**EXERCISE OBJECTIVE:** Throughout the records below, find each line holding "symmetric" and copy it.

**SUPPLIED MATERIAL:**

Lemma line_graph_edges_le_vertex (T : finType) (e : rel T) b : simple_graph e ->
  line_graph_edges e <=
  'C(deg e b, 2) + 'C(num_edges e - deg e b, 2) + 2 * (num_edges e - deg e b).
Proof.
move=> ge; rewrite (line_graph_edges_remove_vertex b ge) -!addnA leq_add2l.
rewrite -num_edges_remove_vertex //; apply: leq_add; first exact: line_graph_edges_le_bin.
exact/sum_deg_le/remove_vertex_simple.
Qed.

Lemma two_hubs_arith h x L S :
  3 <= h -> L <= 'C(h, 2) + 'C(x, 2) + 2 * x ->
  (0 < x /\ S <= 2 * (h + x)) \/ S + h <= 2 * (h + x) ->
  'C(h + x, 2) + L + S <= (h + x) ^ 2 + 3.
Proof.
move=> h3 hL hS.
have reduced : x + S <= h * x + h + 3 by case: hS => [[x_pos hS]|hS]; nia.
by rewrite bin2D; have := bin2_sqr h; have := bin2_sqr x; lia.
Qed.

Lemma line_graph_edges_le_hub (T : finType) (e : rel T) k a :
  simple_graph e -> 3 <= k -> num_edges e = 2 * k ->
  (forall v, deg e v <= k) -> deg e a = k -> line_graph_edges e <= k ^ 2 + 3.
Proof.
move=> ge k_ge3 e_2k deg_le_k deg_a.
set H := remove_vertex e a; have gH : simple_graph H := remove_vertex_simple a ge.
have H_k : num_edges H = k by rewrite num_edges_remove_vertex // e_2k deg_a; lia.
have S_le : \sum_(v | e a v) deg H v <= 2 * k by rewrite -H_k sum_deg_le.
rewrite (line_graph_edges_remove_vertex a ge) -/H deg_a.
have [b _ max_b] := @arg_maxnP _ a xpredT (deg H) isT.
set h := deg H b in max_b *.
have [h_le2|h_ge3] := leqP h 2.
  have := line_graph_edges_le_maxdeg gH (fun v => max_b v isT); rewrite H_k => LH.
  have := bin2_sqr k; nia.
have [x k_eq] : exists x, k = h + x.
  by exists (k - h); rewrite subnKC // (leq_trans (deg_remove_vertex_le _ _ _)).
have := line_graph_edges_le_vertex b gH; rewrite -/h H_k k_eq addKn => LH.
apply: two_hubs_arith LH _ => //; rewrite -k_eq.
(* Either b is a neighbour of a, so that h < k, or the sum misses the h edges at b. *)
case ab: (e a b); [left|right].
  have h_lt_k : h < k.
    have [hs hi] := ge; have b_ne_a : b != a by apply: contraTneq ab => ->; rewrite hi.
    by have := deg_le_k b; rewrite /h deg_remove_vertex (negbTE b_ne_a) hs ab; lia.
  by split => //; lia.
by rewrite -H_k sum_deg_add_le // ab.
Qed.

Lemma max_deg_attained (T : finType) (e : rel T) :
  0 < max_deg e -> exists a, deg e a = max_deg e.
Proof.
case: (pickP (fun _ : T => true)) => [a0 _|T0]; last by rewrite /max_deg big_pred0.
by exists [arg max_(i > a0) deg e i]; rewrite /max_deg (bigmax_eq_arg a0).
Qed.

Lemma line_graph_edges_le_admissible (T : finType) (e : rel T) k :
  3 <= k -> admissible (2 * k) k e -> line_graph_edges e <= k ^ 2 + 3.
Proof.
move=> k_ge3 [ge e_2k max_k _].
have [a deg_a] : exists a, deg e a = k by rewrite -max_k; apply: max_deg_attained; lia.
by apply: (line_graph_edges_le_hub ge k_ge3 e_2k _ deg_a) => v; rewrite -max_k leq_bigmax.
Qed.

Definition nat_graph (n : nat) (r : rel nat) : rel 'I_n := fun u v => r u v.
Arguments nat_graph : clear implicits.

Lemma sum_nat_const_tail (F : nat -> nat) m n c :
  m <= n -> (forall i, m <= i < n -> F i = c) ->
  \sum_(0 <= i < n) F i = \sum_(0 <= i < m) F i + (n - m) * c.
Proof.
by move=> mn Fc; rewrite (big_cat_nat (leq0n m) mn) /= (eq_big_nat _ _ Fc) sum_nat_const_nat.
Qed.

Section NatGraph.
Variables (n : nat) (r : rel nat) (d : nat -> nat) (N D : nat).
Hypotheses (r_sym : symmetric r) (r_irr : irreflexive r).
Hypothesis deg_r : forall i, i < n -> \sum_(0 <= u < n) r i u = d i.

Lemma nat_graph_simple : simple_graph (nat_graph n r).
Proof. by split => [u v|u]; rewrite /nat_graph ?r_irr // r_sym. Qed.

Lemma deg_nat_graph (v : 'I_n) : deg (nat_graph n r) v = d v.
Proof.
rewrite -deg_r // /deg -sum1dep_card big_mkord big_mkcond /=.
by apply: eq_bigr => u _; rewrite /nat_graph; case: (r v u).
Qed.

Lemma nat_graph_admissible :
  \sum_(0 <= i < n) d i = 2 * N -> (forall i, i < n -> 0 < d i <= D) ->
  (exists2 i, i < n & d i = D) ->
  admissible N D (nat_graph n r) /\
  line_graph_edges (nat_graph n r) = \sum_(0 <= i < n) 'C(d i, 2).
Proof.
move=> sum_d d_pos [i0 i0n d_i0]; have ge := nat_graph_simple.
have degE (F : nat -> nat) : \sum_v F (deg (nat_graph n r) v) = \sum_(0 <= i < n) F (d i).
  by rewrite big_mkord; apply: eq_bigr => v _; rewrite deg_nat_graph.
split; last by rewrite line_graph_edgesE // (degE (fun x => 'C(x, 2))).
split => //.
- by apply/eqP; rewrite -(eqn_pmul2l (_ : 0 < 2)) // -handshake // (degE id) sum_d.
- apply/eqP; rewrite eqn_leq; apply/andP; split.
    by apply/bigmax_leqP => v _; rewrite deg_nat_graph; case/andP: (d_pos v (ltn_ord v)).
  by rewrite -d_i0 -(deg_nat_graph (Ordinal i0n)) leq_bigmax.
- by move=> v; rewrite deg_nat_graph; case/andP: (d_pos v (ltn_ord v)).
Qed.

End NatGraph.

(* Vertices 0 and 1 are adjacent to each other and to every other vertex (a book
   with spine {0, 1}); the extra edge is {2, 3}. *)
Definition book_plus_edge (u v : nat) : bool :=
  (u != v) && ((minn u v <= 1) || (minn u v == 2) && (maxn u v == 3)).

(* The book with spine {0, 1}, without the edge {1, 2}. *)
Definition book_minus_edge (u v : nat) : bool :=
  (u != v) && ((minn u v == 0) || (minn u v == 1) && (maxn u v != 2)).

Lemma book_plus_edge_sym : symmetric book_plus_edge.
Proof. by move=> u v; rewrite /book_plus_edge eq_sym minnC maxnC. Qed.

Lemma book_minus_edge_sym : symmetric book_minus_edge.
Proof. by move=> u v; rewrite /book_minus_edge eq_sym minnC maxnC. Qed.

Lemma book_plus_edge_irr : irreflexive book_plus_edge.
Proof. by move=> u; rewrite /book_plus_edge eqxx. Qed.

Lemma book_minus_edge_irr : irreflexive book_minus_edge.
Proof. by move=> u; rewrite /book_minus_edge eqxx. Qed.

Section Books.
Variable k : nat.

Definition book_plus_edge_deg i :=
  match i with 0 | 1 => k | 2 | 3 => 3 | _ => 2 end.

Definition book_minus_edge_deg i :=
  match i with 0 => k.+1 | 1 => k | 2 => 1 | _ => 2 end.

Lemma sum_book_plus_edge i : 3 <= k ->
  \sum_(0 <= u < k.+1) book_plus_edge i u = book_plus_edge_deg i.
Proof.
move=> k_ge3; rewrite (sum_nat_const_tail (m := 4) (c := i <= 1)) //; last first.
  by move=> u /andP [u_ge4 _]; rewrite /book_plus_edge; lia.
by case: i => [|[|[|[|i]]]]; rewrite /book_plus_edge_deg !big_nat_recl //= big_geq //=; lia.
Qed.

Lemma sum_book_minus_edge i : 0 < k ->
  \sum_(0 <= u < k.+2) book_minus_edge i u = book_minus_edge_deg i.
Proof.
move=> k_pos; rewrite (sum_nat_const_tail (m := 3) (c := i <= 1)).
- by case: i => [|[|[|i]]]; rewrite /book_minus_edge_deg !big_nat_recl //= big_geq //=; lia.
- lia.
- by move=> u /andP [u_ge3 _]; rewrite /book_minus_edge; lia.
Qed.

**TASK RESPONSE:**
Hypotheses (r_sym : symmetric r) (r_irr : irreflexive r).
Lemma book_plus_edge_sym : symmetric book_plus_edge.
Lemma book_minus_edge_sym : symmetric book_minus_edge.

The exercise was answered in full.